Your code through line 276 runs and gives me almost all the functionality I need. Remaining improvements needed in order of decreasing importance:

  1. A few examples of gg2plot translated into plot and put somewhere before line 276
  2. Hardest: make I(d) run up to dose 1 Gy whenever possible. This means avoiding error messages from uniroot sometimes when the dose points are not chosen just right. See if you can find doses that give error messages from uniroot.
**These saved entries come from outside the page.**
(* There exist $\mathrm{x},\mathrm{y}\in T\mathbb{R}^2$ and a path of type RSL in $\Gamma(\mathrm{x},\mathrm{y})$ that is bounded-homotopic in $\Gamma(\mathrm{x},\mathrm{y})$ to a path of type LSR in $\Gamma(\mathrm{x},\mathrm{y})$. (In words: an RSL Dubins path can sometimes be deformed into an LSR Dubins path.)
   Context: Elements of $T\mathbb{R}^2$ are pairs $\mathrm{x}=(x,X)$ with $x\in\mathbb{R}^2$ and $X$ a unit tangent vector. A bounded curvature path from $\mathrm{x}=(x,X)$ to $\mathrm{y}=(y,Y)$ is a $C^1$, piecewise $C^2$ path $\gamma:[0,s]\to\mathbb{R}^2$ parametrized by arc length with $\gamma(0)=x,\gamma'(0)=X,\gamma(s)=y,\gamma'(s)=Y$ and $\|\gamma''\|\le1$ wherever defined; $\Gamma(\mathrm{x},\mathrm{y})$ is the space of these with the $C^1$ metric. A bounded curvature homotopy is a continuous one-parameter family $p\in[0,1]\mapsto\mathcal{H}(p)\in\Gamma(\mathrm{x},\mathrm{y})$ joining two paths; paths so joined are bounded-homotopic. A CSC (Dubins) path is a concatenation of an arc of a unit circle of length less than $2\pi$, a line segment, and an arc of a unit circle of length less than $2\pi$; R denotes a clockwise traversed arc, L a counterclockwise traversed arc, S the segment, so RSL is clockwise arc–segment–counterclockwise arc and LSR is counterclockwise arc–segment–clockwise arc. *)

From Stdlib Require Import Reals Lra.
Open Scope R_scope.

Definition vec := (R * R)%type.
Definition vsub (u v : vec) : vec := (fst u - fst v, snd u - snd v).
Definition vscale (c : R) (u : vec) : vec := (c * fst u, c * snd u).
Definition vnorm (u : vec) : R := sqrt (fst u ^ 2 + snd u ^ 2).
Definition vdist (u v : vec) : R := vnorm (vsub u v).
Definition unit_vec (u : vec) : Prop := fst u ^ 2 + snd u ^ 2 = 1.

Definition rot (th : R) (u : vec) : vec :=
  (cos th * fst u - sin th * snd u, sin th * fst u + cos th * snd u).

Definition Icc (a b : R) (t : R) : Prop := a <= t <= b.

Definition deriv_within (D : R -> Prop) (f : R -> vec) (t : R) (l : vec) : Prop :=
  forall eps, 0 < eps -> exists delta, 0 < delta /\
    forall u, D u -> u <> t -> Rabs (u - t) < delta ->
      vdist (vscale (/ (u - t)) (vsub (f u) (f t))) l <= eps.

Definition cont_within (D : R -> Prop) (f : R -> vec) (t : R) : Prop :=
  forall eps, 0 < eps -> exists delta, 0 < delta /\
    forall u, D u -> Rabs (u - t) < delta -> vdist (f u) (f t) < eps.

(* Bounded curvature path from (x,X) to (y,Y): g : [0,s] -> R^2 with
   derivative dg; C^1, arc-length parametrized, piecewise C^2 with
   |g''| <= 1 where defined. *)
Definition bcp (x X y Y : vec) (s : R) (g dg : R -> vec) : Prop :=
  0 < s /\ unit_vec X /\ unit_vec Y /\
  (forall t, Icc 0 s t -> deriv_within (Icc 0 s) g t (dg t)) /\
  (forall t, Icc 0 s t -> cont_within (Icc 0 s) dg t) /\
  (forall t, Icc 0 s t -> vnorm (dg t) = 1) /\
  g 0 = x /\ dg 0 = X /\ g s = y /\ dg s = Y /\
  exists (k : nat) (tau : nat -> R) (dd : nat -> R -> vec),
    tau 0%nat = 0 /\ tau k = s /\
    (forall i, (i < k)%nat -> tau i < tau (S i)) /\
    (forall i, (i < k)%nat -> forall t, Icc (tau i) (tau (S i)) t ->
        deriv_within (Icc (tau i) (tau (S i))) dg t (dd i t) /\
        cont_within (Icc (tau i) (tau (S i))) (dd i) t /\
        vnorm (dd i t) <= 1).

(* CSC type RSL: clockwise arc (tangent rotates clockwise at unit rate),
   segment (tangent constant), counterclockwise arc. *)
Definition is_RSL (s : R) (dg : R -> vec) : Prop :=
  exists a l b, 0 < a < 2 * PI /\ 0 < l /\ 0 < b < 2 * PI /\ s = a + l + b /\
    (forall t, Icc 0 a t -> dg t = rot (- t) (dg 0)) /\
    (forall t, Icc a (a + l) t -> dg t = dg a) /\
    (forall t, Icc (a + l) s t -> dg t = rot (t - (a + l)) (dg (a + l))).

Definition is_LSR (s : R) (dg : R -> vec) : Prop :=
  exists a l b, 0 < a < 2 * PI /\ 0 < l /\ 0 < b < 2 * PI /\ s = a + l + b /\
    (forall t, Icc 0 a t -> dg t = rot t (dg 0)) /\
    (forall t, Icc a (a + l) t -> dg t = dg a) /\
    (forall t, Icc (a + l) s t -> dg t = rot (- (t - (a + l))) (dg (a + l))).

(* C^1 metric: paths reparametrized on [0,1], c(t) = g(s t), c'(t) = s dg(s t);
   a homotopy is a family p in [0,1] |-> path in Gamma(x,y), continuous for the
   C^1 (sup) metric, joining path 1 (at p=0) to path 2 (at p=1). *)
Definition bounded_homotopic (x X y Y : vec)
  (s1 : R) (g1 dg1 : R -> vec) (s2 : R) (g2 dg2 : R -> vec) : Prop :=
  exists (S : R -> R) (G DG : R -> R -> vec),
    (forall p, Icc 0 1 p -> bcp x X y Y (S p) (G p) (DG p)) /\
    (forall p0, Icc 0 1 p0 -> forall eps, 0 < eps -> exists delta, 0 < delta /\
       forall p, Icc 0 1 p -> Rabs (p - p0) < delta -> forall t, Icc 0 1 t ->
         vdist (G p (S p * t)) (G p0 (S p0 * t)) < eps /\
         vdist (vscale (S p) (DG p (S p * t)))
               (vscale (S p0) (DG p0 (S p0 * t))) < eps) /\
    S 0 = s1 /\ (forall t, Icc 0 s1 t -> G 0 t = g1 t /\ DG 0 t = dg1 t) /\
    S 1 = s2 /\ (forall t, Icc 0 s2 t -> G 1 t = g2 t /\ DG 1 t = dg2 t).

From Stdlib Require Import Reals Lra Lia List.
From Coquelicot Require Import Coquelicot.
Open Scope R_scope.

(* A concatenation of unit arcs and segments is encoded by its list of piece
   types and lengths: the tangent angle is a sum of clamped curvature-times-length
   terms and the path is the integral of the unit tangent.  Such a path is a
   bounded curvature path, and its C^1 distance to a path with the same piece
   types is controlled by the differences of the piece lengths.

   Consider the nine-piece paths R S L S L S L S R whose arc lengths are affine in
   two angles a, b in [0, PI/2] and whose segment lengths solve the closing
   condition, so that along the edges a = PI/2 and b = PI/2 every such path runs
   from ((0,0),(1,0)) to ((-2,0),(1,0)).  At (a, b) = (0, PI/2) only the pieces
   R(3PI/2) S(2) L(3PI/2) have positive length, at (PI/2, 0) only
   L(3PI/2) S(2) R(3PI/2); following the two edges through (PI/2, PI/2) therefore
   deforms an RSL path into an LSR path. *)

Lemma vdist_le_abs (u v : vec) :
  vdist u v <= Rabs (fst u - fst v) + Rabs (snd u - snd v).
Proof.
  unfold vdist, vnorm, vsub; cbn [fst snd].
  set (a := fst u - fst v); set (b := snd u - snd v).
  pose proof (Rabs_pos a); pose proof (Rabs_pos b).
  rewrite <- (sqrt_pow2 (Rabs a + Rabs b)) by lra.
  apply sqrt_le_1_alt.
  rewrite <- (pow2_abs a), <- (pow2_abs b). nra.
Qed.

Lemma Rabs_cos_le_1 a : Rabs (cos a) <= 1.
Proof. pose proof (COS_bound a). unfold Rabs; destruct Rcase_abs; lra. Qed.

Lemma Rabs_sin_le_1 a : Rabs (sin a) <= 1.
Proof. pose proof (SIN_bound a). unfold Rabs; destruct Rcase_abs; lra. Qed.

Lemma lipschitz_of_derive_bounded (f df : R -> R) :
  (forall x, is_derive f x (df x)) -> (forall x, Rabs (df x) <= 1) ->
  forall a b, Rabs (f a - f b) <= Rabs (a - b).
Proof.
  intros Hf Hdf a b.
  destruct (MVT_gen f b a df) as [c [_ Hc]].
  - intros x _. apply Hf.
  - intros x _. apply derivable_continuous_pt.
    exists (df x). apply is_derive_Reals, Hf.
  - rewrite Hc, Rabs_mult. pose proof (Hdf c). pose proof (Rabs_pos (a - b)). nra.
Qed.

Lemma cos_lipschitz a b : Rabs (cos a - cos b) <= Rabs (a - b).
Proof.
  apply (lipschitz_of_derive_bounded cos (fun x => - sin x)); [apply is_derive_cos|].
  intros x. rewrite Rabs_Ropp. apply Rabs_sin_le_1.
Qed.

Lemma sin_lipschitz a b : Rabs (sin a - sin b) <= Rabs (a - b).
Proof.
  apply (lipschitz_of_derive_bounded sin cos); [apply is_derive_sin | apply Rabs_cos_le_1].
Qed.

Lemma deriv_within_pair D f1 f2 t l1 l2 :
  derivable_pt_lim f1 t l1 -> derivable_pt_lim f2 t l2 ->
  deriv_within D (fun u => (f1 u, f2 u)) t (l1, l2).
Proof.
  intros H1 H2 eps Heps.
  destruct (H1 (eps / 2) ltac:(lra)) as [d1 Hd1].
  destruct (H2 (eps / 2) ltac:(lra)) as [d2 Hd2].
  exists (Rmin d1 d2). split; [apply Rmin_pos; apply cond_pos|].
  intros u _ Hne Hlt.
  assert (Hh : u - t <> 0) by lra.
  pose proof (Rmin_l d1 d2); pose proof (Rmin_r d1 d2).
  specialize (Hd1 (u - t) Hh ltac:(lra)).
  specialize (Hd2 (u - t) Hh ltac:(lra)).
  replace (t + (u - t)) with u in Hd1, Hd2 by ring.
  eapply Rle_trans; [apply vdist_le_abs|]. unfold vscale, vsub; cbn [fst snd].
  unfold Rdiv in Hd1, Hd2.
  rewrite (Rmult_comm (f1 u - f1 t)) in Hd1.
  rewrite (Rmult_comm (f2 u - f2 t)) in Hd2. lra.
Qed.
Then see if you can fix them or there is a maximum dose < 1 Gy above which nothing works.
  3. Give me easier control over the dose ranges of calculations and plots.
  4. Cosmetics but not functionality
  5. Optional: give me the ability to run Monte Carlo for 2 or 10 sample paths rather than 1000
rainersachs commented 6 years ago

Yimin will see if reducing the number of dose points for a ribbon plot down to as little as 10 or 20 speeds up the master script without changing the plots markedly except perhaps at doses so low they will not be noticeable on most of our plots and are lower than almost every data point (i.e. are < 0.01 Gy).

rainersachs commented 6 years ago

Next week Claire will continue to study Yimin's code line by line. Yimin will work on some plots and also see about speeding up the code. See you guys tomorrow! Edward is waiting for when Yimin's code is a bit more settled.

rainersachs commented 6 years ago
  1. The HG pod got a lot done this week, including Yimin's speeding up of the Monte Carlo calculations. Most of you will write minutes of our meetings and I will comment on those when they appear on GitHub.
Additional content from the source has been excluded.